Each source shows its query count and total cost. This helps identify whether your warehouse spend is driven by ad-hoc exploration (notebooks, SQL editor) or production workloads (jobs, API).

Click any query to see its full detail:

The complete SQL statement text. Long queries are displayed in a monospace code block and can be collapsed or expanded. A copy button lets you copy the full statement to your clipboard.

Summary stat cards at the top show key metrics at a glance:

Stat cardWhat it shows
RuntimeTime spent executing the query
Data ScannedTotal bytes read from storage
SpillBytes spilled to disk (memory pressure indicator)
CacheWhether the result was served from cache (Hit or Miss)
CostAllocated cost for this query

The resource metrics panel provides additional detail:

MetricWhat it shows
Rows ReadTotal rows scanned
Rows ProducedRows returned to the client
Bytes ReadTotal bytes scanned from storage
Bytes WrittenTotal bytes written
Bytes SpilledBytes spilled to disk during execution
Queue TimeTime waiting for warehouse capacity
Waiting TimeTime spent waiting for warehouse resources (cold start indicator)
  • DBU cost — Databricks unit charges for this query
  • Cloud cost — Underlying cloud infrastructure cost

LakeSentry automatically flags queries with performance issues:

A query is flagged as a cold start when the waiting time exceeds 30 seconds. Cold starts happen when a warehouse needs to spin up or scale out to handle the query. Frequent cold starts on the same warehouse may indicate the auto-stop timeout is too aggressive.

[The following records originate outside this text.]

Lemma forest_embeds h p u X cs : forest h p u X M cs -> embeds h.+1 p u X.
Proof.
case=> size_cs hang tr_uniq tr_X tr_size.
pose c0 : subtree := (fun _ => u, fun _ => p).
pose F (s : seq 'I_M) := if s is i :: s' then (nth c0 cs i).1 s' else u.
pose Q (s : seq 'I_M) := if s is i :: s' then (nth c0 cs i).2 s' else p.
have trF : trace F Q h.+1 = rcons p u ++ forest_trace h cs.
  rewrite trace_nodesS /forest_trace; congr (_ ++ flatten _).
  by rewrite -[in RHS](mkseq_nth c0 cs) size_cs /mkseq -val_enum_ord -!map_comp.
exists F, Q; split; rewrite ?trF //; last first.
  by rewrite size_cat size_rcons addSn /= add1n addnS ltnS leq_add2l.
split; rewrite ?trF // => -[|j s] i /=.
  by case: (hang c0 i (ltn_ord i)).
rewrite ltnS => sh; have [_ _ [edges _]] := hang c0 j (ltn_ord j).
exact: edges.
Qed.

Lemma unranked_embeds h p u (X : {set vert G}) : u \notin ranked G r m h ->
  uniq (rcons p u) -> [disjoint rcons p u & X] ->
  #|X| + size p + budget h <= m -> embeds h p u X.
Proof.
elim: h p u X => [|h IH] p u X u_unranked pu_uniq puX X_budget.
  exact: embeds0.
have [cs] := forest_full IH u_unranked X_budget pu_uniq puX.
exact: forest_embeds.
Qed.

End Embedding.

Lemma unranked_tree_minor (G : sgraph) r M d v :
  v \notin ranked G r (tree_budget r M d) d -> shallow_top_minor r G (@tadj d M).
Proof.
move=> v_unranked.
have disj0 : [disjoint [:: v] & (set0 : {set vert G})].
  by rewrite disjoint_cons inE disjoint_has.
have [|F [Q [_ _ model _ _]]] :=
  unranked_embeds (M := M) (p := [::]) v_unranked isT disj0 _.
  by rewrite cards0.
exact: tree_model_minor model.
Qed.

Theorem theorem1p3 (d : nat) (C : graph_class) :
  tree_rank_le C d <->
  (forall r : nat, exists m : nat,
     forall G : sgraph, C G -> forall v : vert G, rank_le r m d v).
Proof.
split=> [tree_rank r | ranks r].
  have [M no_minor] := tree_rank r; exists (tree_budget r M d) => G CG v.
  by apply/negPn/negP => /unranked_tree_minor; apply: no_minor.
have [m ranked_all] := ranks r.+1; exists m.+1 => G CG /tree_minor_unranked[v].
by rewrite ranked_all.
Qed.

A query is flagged as a “scanzilla” when it reads more than 100 GB of data but produces fewer than 1,000 rows. This pattern indicates a full-scan query that could benefit from:

  • Adding partition filters to narrow the scan
  • Pre-aggregating data in a materialized view
  • Restructuring the query to push filters earlier

Queries that spill data to local disk during execution are flagged with the spill volume. Spilling happens when a query’s intermediate results exceed the available memory and must be written to disk, which significantly slows execution. This can indicate:

  • Queries with large joins or aggregations that need more memory
  • Warehouses that are undersized for the workload
  1. Set the time range to the period of interest.
  2. Sort the query list by Cost (descending).
  3. Look at the top 10–20 queries — they often account for a disproportionate share of warehouse spend.
  4. Click into each to check for performance flags (scanzilla, cold start, spill).
  1. Open the Cost Explorer and identify the warehouse or time period with the spike.
  2. Navigate to SQL Analysis and filter to that warehouse and time range.
  3. Sort by cost to find the specific queries driving the increase.
  4. Check if the spike is due to new queries, increased frequency, or degraded performance of existing queries.
  1. Filter to Finished status to exclude failed queries.
  2. Sort by Cost (descending) to find the most expensive queries.
  3. Switch to the Optimization tab and look for scanzilla patterns — these are the lowest-hanging fruit for optimization.
  4. Check spill analysis for queries that might benefit from warehouse scaling or query restructuring.